Stored data entries:
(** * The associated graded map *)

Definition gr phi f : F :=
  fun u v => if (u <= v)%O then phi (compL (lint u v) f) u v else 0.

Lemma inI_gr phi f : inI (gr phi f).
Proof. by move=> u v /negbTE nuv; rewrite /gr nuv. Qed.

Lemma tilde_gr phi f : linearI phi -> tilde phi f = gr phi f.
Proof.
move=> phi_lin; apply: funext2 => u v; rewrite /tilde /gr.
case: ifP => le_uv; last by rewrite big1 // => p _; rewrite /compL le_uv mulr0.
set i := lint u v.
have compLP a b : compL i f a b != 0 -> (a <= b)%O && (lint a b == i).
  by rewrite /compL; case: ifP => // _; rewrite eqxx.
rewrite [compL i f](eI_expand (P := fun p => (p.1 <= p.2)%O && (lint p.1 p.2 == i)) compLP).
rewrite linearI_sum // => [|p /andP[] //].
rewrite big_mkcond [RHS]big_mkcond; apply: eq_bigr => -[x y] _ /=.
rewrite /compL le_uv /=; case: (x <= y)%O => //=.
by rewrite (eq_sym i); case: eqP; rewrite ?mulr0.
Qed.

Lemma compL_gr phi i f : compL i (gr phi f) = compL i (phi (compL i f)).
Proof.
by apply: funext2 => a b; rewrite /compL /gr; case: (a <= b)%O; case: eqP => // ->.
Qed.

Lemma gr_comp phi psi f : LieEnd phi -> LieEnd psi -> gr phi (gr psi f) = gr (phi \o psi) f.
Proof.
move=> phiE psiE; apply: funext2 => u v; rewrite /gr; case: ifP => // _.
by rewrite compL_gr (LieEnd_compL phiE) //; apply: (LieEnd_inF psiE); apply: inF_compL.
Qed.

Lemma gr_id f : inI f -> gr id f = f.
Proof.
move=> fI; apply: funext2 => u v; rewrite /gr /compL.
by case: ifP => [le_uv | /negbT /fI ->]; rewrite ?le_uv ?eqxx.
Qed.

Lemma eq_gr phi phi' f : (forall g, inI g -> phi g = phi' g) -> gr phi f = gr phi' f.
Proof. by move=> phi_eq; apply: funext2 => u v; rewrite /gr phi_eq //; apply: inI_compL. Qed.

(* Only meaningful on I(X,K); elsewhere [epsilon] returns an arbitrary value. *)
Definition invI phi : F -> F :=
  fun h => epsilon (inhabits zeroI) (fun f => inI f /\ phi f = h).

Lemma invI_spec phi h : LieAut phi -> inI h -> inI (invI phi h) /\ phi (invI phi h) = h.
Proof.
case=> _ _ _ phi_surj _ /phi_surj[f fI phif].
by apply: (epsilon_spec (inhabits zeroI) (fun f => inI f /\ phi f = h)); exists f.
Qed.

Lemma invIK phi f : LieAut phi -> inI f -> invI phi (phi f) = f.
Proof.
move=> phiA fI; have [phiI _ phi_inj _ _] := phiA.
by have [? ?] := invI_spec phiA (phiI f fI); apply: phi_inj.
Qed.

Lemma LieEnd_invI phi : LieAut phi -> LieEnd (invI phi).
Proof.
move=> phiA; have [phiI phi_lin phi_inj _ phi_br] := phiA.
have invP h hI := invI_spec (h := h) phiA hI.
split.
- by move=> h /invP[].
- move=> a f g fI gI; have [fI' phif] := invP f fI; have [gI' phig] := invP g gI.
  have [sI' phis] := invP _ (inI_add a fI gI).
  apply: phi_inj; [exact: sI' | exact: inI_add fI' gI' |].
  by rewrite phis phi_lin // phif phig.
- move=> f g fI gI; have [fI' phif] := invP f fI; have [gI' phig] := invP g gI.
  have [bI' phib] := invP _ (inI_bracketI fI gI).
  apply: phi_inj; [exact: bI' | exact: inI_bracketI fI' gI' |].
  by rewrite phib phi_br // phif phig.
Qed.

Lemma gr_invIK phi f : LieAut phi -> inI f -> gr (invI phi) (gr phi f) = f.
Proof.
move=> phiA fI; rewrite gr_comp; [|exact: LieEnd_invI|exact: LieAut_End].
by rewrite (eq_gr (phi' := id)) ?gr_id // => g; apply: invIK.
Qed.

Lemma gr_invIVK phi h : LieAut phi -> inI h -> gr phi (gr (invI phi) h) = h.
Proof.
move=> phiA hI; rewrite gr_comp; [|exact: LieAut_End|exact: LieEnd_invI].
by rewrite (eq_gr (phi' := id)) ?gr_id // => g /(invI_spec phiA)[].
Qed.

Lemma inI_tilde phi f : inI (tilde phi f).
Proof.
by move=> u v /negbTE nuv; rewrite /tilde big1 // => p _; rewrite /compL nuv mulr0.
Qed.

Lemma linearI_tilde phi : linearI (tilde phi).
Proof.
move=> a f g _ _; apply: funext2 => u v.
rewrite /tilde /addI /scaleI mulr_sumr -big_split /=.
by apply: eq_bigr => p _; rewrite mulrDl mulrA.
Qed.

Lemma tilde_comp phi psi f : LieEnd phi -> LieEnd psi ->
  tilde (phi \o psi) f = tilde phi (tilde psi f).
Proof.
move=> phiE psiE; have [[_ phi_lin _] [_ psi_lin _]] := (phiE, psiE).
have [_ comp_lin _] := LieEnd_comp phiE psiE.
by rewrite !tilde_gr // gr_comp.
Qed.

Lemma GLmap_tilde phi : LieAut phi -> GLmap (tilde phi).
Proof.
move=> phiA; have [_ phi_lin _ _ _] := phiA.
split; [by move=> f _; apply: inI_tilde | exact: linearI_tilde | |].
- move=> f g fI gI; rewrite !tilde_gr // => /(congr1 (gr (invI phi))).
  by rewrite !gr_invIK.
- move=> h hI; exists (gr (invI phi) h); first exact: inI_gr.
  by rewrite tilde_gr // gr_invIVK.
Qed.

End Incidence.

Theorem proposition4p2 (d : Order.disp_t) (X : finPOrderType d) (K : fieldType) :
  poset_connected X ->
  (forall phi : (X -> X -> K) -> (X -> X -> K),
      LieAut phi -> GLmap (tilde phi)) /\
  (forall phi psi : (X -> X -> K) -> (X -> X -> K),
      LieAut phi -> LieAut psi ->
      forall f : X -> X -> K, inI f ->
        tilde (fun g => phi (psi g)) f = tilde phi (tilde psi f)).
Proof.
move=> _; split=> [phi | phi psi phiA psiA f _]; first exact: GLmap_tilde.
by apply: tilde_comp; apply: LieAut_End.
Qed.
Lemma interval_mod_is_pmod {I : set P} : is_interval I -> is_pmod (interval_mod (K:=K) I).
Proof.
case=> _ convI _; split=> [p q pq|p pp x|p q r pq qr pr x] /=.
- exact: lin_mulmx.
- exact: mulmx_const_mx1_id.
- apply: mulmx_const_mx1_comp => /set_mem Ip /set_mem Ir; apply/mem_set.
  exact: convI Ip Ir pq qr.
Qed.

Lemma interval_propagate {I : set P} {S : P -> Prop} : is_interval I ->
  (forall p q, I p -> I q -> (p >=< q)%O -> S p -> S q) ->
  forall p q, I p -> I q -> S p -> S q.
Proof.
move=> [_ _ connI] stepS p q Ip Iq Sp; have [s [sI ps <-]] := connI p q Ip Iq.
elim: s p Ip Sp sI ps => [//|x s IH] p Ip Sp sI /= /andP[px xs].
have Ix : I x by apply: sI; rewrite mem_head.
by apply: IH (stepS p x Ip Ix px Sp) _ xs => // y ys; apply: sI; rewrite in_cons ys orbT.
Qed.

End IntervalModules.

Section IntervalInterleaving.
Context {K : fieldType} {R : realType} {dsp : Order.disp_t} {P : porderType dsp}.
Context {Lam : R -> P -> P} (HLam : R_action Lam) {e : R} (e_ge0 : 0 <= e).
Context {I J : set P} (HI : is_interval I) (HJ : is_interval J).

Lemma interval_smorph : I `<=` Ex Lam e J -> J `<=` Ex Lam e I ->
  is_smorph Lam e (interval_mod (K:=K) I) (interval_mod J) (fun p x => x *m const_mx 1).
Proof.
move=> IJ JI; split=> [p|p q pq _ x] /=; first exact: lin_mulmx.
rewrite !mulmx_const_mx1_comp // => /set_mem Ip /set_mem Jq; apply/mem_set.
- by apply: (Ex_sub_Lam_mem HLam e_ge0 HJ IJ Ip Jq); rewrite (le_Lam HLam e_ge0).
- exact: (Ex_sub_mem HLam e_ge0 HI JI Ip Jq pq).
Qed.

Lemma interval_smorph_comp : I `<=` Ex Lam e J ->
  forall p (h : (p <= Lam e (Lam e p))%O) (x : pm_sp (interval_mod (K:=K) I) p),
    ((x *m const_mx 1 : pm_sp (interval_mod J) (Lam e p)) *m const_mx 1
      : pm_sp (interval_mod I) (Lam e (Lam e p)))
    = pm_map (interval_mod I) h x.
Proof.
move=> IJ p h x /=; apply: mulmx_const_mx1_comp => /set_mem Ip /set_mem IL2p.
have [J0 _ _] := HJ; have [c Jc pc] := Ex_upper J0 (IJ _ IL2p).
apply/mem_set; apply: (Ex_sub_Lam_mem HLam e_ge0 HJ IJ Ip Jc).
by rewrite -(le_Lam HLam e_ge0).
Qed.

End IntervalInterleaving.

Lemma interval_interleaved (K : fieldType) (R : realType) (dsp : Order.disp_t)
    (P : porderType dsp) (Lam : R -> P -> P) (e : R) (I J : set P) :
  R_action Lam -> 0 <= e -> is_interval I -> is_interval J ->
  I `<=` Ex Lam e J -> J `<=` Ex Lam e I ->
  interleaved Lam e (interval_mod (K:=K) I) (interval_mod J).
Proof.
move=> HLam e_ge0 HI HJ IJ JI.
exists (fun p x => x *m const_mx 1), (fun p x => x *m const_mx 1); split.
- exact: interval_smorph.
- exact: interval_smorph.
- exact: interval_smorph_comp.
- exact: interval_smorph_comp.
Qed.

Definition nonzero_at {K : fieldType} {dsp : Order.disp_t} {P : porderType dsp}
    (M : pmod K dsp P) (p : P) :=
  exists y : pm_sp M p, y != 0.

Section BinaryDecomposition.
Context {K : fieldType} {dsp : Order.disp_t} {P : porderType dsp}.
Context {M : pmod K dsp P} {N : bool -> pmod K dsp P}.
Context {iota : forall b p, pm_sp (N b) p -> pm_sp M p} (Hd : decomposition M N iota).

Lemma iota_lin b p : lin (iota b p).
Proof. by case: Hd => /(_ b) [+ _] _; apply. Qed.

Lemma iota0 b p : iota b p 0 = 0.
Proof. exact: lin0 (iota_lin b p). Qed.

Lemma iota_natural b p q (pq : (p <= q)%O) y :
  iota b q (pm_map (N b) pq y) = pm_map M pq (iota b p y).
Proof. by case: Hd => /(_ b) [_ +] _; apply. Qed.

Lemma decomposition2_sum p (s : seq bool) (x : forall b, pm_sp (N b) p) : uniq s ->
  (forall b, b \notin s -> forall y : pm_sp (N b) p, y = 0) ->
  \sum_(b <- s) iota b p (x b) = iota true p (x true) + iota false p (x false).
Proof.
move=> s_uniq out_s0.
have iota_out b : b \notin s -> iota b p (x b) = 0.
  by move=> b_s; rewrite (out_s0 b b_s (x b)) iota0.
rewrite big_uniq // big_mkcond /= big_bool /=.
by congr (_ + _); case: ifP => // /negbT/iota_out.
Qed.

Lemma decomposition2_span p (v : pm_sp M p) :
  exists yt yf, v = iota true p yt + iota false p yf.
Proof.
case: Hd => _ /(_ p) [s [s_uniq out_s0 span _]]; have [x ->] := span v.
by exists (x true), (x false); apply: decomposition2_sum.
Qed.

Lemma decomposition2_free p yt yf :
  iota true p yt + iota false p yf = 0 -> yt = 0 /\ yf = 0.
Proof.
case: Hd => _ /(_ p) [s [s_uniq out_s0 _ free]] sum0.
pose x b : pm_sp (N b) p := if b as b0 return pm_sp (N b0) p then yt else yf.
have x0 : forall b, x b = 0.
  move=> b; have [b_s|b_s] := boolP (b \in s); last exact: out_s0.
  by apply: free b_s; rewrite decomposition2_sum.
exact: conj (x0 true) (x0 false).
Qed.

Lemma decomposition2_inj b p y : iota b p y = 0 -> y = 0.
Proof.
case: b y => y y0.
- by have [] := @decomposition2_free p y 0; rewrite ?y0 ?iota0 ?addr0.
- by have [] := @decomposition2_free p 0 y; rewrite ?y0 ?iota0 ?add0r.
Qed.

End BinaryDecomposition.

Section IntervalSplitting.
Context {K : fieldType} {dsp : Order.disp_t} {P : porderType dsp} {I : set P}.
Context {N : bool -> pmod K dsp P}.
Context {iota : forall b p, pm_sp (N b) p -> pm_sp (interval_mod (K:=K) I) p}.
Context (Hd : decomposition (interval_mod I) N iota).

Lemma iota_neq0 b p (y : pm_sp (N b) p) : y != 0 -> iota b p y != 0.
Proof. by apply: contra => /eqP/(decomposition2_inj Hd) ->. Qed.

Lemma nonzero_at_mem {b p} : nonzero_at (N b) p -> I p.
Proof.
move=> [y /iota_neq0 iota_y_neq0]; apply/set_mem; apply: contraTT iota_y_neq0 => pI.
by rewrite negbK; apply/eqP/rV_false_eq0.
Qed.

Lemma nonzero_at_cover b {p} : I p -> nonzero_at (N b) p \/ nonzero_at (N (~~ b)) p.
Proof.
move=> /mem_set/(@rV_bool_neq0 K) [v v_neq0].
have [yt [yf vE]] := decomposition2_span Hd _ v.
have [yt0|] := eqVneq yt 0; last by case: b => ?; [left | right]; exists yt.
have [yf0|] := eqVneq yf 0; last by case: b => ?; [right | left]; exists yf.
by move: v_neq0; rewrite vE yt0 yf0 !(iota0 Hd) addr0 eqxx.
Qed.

Assignment: When the line with "by rewrite !tilde_gr // gr_comp." is reached in the data above, start copying there, and copy each line exactly until the line with "- move=> f g fI gI; rewrite" has been copied; copy nothing else.

Answer area:
by rewrite !tilde_gr // gr_comp.
Qed.

Lemma GLmap_tilde phi : LieAut phi -> GLmap (tilde phi).
Proof.
move=> phiA; have [_ phi_lin _ _ _] := phiA.
split; [by move=> f _; apply: inI_tilde | exact: linearI_tilde | |].
- move=> f g fI gI; rewrite !tilde_gr // => /(congr1 (gr (invI phi))).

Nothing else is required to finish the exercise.